## What to do
From the data underneath, reproduce exactly the stretch that begins at the line with "have P_unitary : P" and ends after the line with "Lemma bilform_le_last_rootsR (R".

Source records
Lemma sqnorm_inv_sqrt_le A S a u : A^T = A -> 0 < a ->
  (forall x, a * sqnorm x <= bilform A x x) -> S^T = S -> S *m S = invmx A ->
  sqnorm (S *m u) <= sqnorm u / a.
Proof.
move=> AT a_gt0 A_ge ST SS; have A_unit := unitmx_of_bilform_ge a_gt0 A_ge.
set y := invmx A *m u; set t := sqnorm (S *m u).
have t_uy : t = bilform 1%:M u y.
  by rewrite /t /sqnorm /bilform /y -SS trmx_mul ST !mulmx1 !mulmxA.
have t_Ay : t = bilform A y y.
  by rewrite t_uy /bilform mulmx1 /y -{1}(mulKVmx A_unit u) trmx_mul AT !mulmxA.
have cs : t ^+ 2 <= sqnorm u * sqnorm y.
  by rewrite t_uy; apply: bilform_cauchy_schwarz (trmx1 _ _) _ => z; exact: sqnorm_ge0.
have Ay : a * sqnorm y <= t by rewrite t_Ay; exact: A_ge.
apply: le_of_sqr_le_mul; rewrite ?divr_ge0 ?sqnorm_ge0 ?(ltW a_gt0) //.
rewrite mulrAC ler_pdivlMr //; apply: le_trans (ler_wpM2r (ltW a_gt0) cs) _.
by rewrite -mulrA ler_wpM2l ?sqnorm_ge0 // mulrC.
Qed.

Lemma sqnorm_conj_inv_sqrt_le A C S a L : C^T = C -> 0 < a ->
  (forall z, a * sqnorm z <= bilform C z z) -> S^T = S -> S *m S = invmx C ->
  A^T = A -> (forall z, 0 <= bilform A z z) ->
  (forall z, bilform A z z <= L * sqnorm z) ->
  forall x, sqnorm (S *m A *m S *m x) <= (L / a) ^+ 2 * sqnorm x.
Proof.
move=> CT a_gt0 C_ge ST SS AT A_ge0 A_le x.
have S_le u := sqnorm_inv_sqrt_le u CT a_gt0 C_ge ST SS.
have inva_ge0 : 0 <= a^-1 by rewrite invr_ge0 ltW.
rewrite -!mulmxA; apply: le_trans (S_le _) _.
apply: le_trans (ler_wpM2r inva_ge0 (sqnorm_mulmx_le _ AT A_ge0 A_le)) _.
have -> : (L / a) ^+ 2 * sqnorm x = L ^+ 2 * (sqnorm x / a) / a by ring.
by rewrite ler_wpM2r // ler_wpM2l ?sqr_ge0.
Qed.

End QuadraticForms.

Section ExtremeRoots.
Variable R : rcfType.
Implicit Types (q : {poly R}) (x : R).

Lemma mem_rootsR q x : q != 0 -> (x \in rootsR q) = root q x.
Proof. by move=> q0; rewrite -(roots_on_rootsR q0) in_itv. Qed.

Lemma root_le_last_rootsR q x : q != 0 -> root q x -> x <= last 0 (rootsR q).
Proof.
move=> q0; rewrite -mem_rootsR // => xs; set s := rootsR q.
have s_gt0 : (0 < size s)%N by rewrite (leq_ltn_trans (leq0n (index x s))) ?index_mem.
rewrite -nth_last -(nth_index 0 xs).
rewrite (lt_sorted_leq_nth 0 (sorted_roots _ _ _)) ?inE ?index_mem //.
  by rewrite -ltnS prednK // index_mem.
by rewrite prednK.
Qed.

Lemma head_rootsR_le_root q x : q != 0 -> root q x -> head 0 (rootsR q) <= x.
Proof.
move=> q0; rewrite -mem_rootsR // => xs; set s := rootsR q.
have s_gt0 : (0 < size s)%N by rewrite (leq_ltn_trans (leq0n (index x s))) ?index_mem.
rewrite -nth0 -(nth_index 0 xs).
by rewrite (lt_sorted_leq_nth 0 (sorted_roots _ _ _)) ?inE ?index_mem.
Qed.

End ExtremeRoots.

Section Rayleigh.
Local Open Scope sesquilinear_scope.

Lemma spectral_diag_eigenvalue (C : numClosedFieldType) n (A : 'M[C]_n) j :
  A \is normalmx -> eigenvalue A (spectral_diag A 0 j).
Proof.
move=> /orthomx_spectralP; set P := spectralmx A; set d := spectral_diag A => AE.
have P_unit : P \in unitmx := spectral_unit A.
apply/eigenvalueP; exists (row j P).
  by rewrite -row_mul {1}AE !mulmxA mulmxV // mul1mx row_mul row_diag_mx -scalemxAl -rowE.
rewrite rowE; apply/eqP => /(congr1 (mulmx^~ (invmx P))).
by rewrite mulmxK // mul0mx => /matrixP/(_ 0 j)/eqP; rewrite !mxE !eqxx oner_eq0.
Qed.

Lemma normalmx_sesqform_le (C : numClosedFieldType) n (A : 'M[C]_n) (L : C)
    (v : 'cV[C]_n) :
  A \is normalmx -> (forall j, spectral_diag A 0 j <= L) ->
  (v^t* *m A *m v) 0 0 <= L * (v^t* *m v) 0 0.
Proof.
move=> /orthomx_spectralP.
set P := spectralmx A; set d := spectral_diag A => AE d_le.
have P_unitary : P \is unitarymx := spectral_unitarymx A.
set y := P *m v.
have yE : v^t* *m P^t* = y^t* by rewrite /y trmx_mul map_mxM.
have -> : v^t* *m A *m v = y^t* *m diag_mx d *m y.
  by rewrite {1}AE invmx_unitary // -yE /y !mulmxA.
have -> : v^t* *m v = y^t* *m y.
  rewrite -yE /y mulmxA -[v^t* *m _ *m _]mulmxA -invmx_unitary //.
  by rewrite mulVmx ?mulmx1 ?spectral_unit.
rewrite mul_mx_diag !mxE mulr_sumr; apply: ler_sum => j _; rewrite !mxE.
by rewrite mulrAC [L * _]mulrC; apply: ler_wpM2l (d_le j); rewrite mulrC mul_conjC_ge0.
Qed.

Lemma bilform_le_last_rootsR (R : rcfType) k (A : 'M[R]_k) x : A^T = A ->
  bilform A x x <= last 0 (rootsR (char_poly A)) * sqnorm x.
Proof.
(* Apply the complex spectral theorem to the Hermitian complexification of A. *)
move=> AT; set L := last 0 _; pose f := real_complex R; pose AC := map_mx f A.
have f_real r : f r \is Num.real by apply/complex_realP; exists r.
have AC_herm : AC \is hermsymmx.
  apply: realsym_hermsym; last by apply/mxOverP => i j; rewrite mxE.
  by apply/is_hermitianmxP; rewrite expr0 scale1r map_mx_id // map_trmx AT.
have d_le j : spectral_diag AC 0 j <= f L.
  have /mxOverP/(_ 0 j)/complex_realP [a da] := hermitian_spectral_diag_real AC_herm.
  rewrite da lecR; apply: root_le_last_rootsR (monic_neq0 (char_poly_monic A)) _.
  have := spectral_diag_eigenvalue j (hermitian_normalmx AC_herm).
  by rewrite da eigenvalue_root_char -map_char_poly fmorph_root.
have xf : (map_mx f x)^t* = map_mx f x^T.
  by rewrite map_trmx -map_mx_comp; apply: eq_map_mx => r /=; rewrite conj_Creal.
have := normalmx_sesqform_le (map_mx f x) (hermitian_normalmx AC_herm) d_le.
by rewrite xf -!map_mxM !mxE -rmorphM lecR /sqnorm /bilform mulmx1 !mxE.
Qed.

End Rayleigh.

Section ExtremeEigenvalues.
Variables (R : realType) (k : nat).
Implicit Types (A : 'M[R]_k) (x : 'cV[R]_k).

(* [lambda_max A] is the default value 0 when [char_poly A] has no real root. *)
Lemma lambda_max_eq0_or_root A :
  lambda_max A = 0 \/ root (char_poly A) (lambda_max A).
Proof.
have := mem_last 0 (rootsR (char_poly A)); rewrite inE => /orP[/eqP <-|]; first by left.
by rewrite mem_rootsR ?monic_neq0 ?char_poly_monic //; right.
Qed.

Lemma lambda_max_le A b : 0 <= b -> (forall x, bilform A x x <= b * sqnorm x) ->
  lambda_max A <= b.
Proof.
move=> b_ge0 A_le.
have [-> // | /root_char_poly_bilform [x x_gt0 Ax]] := lambda_max_eq0_or_root A.
by have := A_le x; rewrite Ax ler_pM2r.
Qed.

Lemma lambda_max_ge0 A : (forall x, 0 <= bilform A x x) -> 0 <= lambda_max A.
Proof.
move=> A_ge0.
have [-> // | /root_char_poly_bilform [x x_gt0 Ax]] := lambda_max_eq0_or_root A.
by have := A_ge0 x; rewrite Ax pmulr_lge0.
Qed.

Lemma lambda_min_eq A a : root (char_poly A) a ->
  (forall x, a * sqnorm x <= bilform A x x) -> lambda_min A = a.
Proof.
move=> Aa A_ge; have A0 := monic_neq0 (char_poly_monic A).
apply/eqP; rewrite eq_le head_rootsR_le_root //=.
have : a \in rootsR (char_poly A) by rewrite mem_rootsR.
rewrite /lambda_min; case E: rootsR => [// | r s] _ /=.
have /root_char_poly_bilform [x x_gt0 Ax] : root (char_poly A) r.
  by rewrite -mem_rootsR // E mem_head.
by have := A_ge x; rewrite Ax ler_pM2r.
Qed.

Lemma opnorm_le A c : (0 < k)%N -> 0 <= c ->
  (forall x, sqnorm (A *m x) <= c ^+ 2 * sqnorm x) -> opnorm A <= c.
Proof.
move=> k_gt0 c_ge0 A_le.
have vnormE x : vnorm x = Num.sqrt (sqnorm x) by rewrite sqnormE.
apply: ge_sup.
  pose e : 'cV[R]_k := delta_mx (Ordinal k_gt0) 0.
  exists (vnorm (A *m e)), e; split => //.
  by rewrite vnormE /sqnorm /bilform mulmx1 trmx_delta mul_delta_mx mxE !eqxx sqrtr1.
move=> _ [x [x1 ->]]; rewrite vnormE -(ger0_norm c_ge0) -sqrtr_sqr ler_wsqrtr //.
by have := A_le x; rewrite -[sqnorm x](sqr_sqrtr (sqnorm_ge0 _)) -vnormE x1 expr1n mulr1.
Qed.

## Response for this exercise
have P_unitary : P \is unitarymx := spectral_unitarymx A.
set y := P *m v.
have yE : v^t* *m P^t* = y^t* by rewrite /y trmx_mul map_mxM.
have -> : v^t* *m A *m v = y^t* *m diag_mx d *m y.
  by rewrite {1}AE invmx_unitary // -yE /y !mulmxA.
have -> : v^t* *m v = y^t* *m y.
  rewrite -yE /y mulmxA -[v^t* *m _ *m _]mulmxA -invmx_unitary //.
  by rewrite mulVmx ?mulmx1 ?spectral_unit.
rewrite mul_mx_diag !mxE mulr_sumr; apply: ler_sum => j _; rewrite !mxE.
by rewrite mulrAC [L * _]mulrC; apply: ler_wpM2l (d_le j); rewrite mulrC mul_conjC_ge0.
Qed.

Lemma bilform_le_last_rootsR (R : rcfType) k (A : 'M[R]_k) x : A^T = A ->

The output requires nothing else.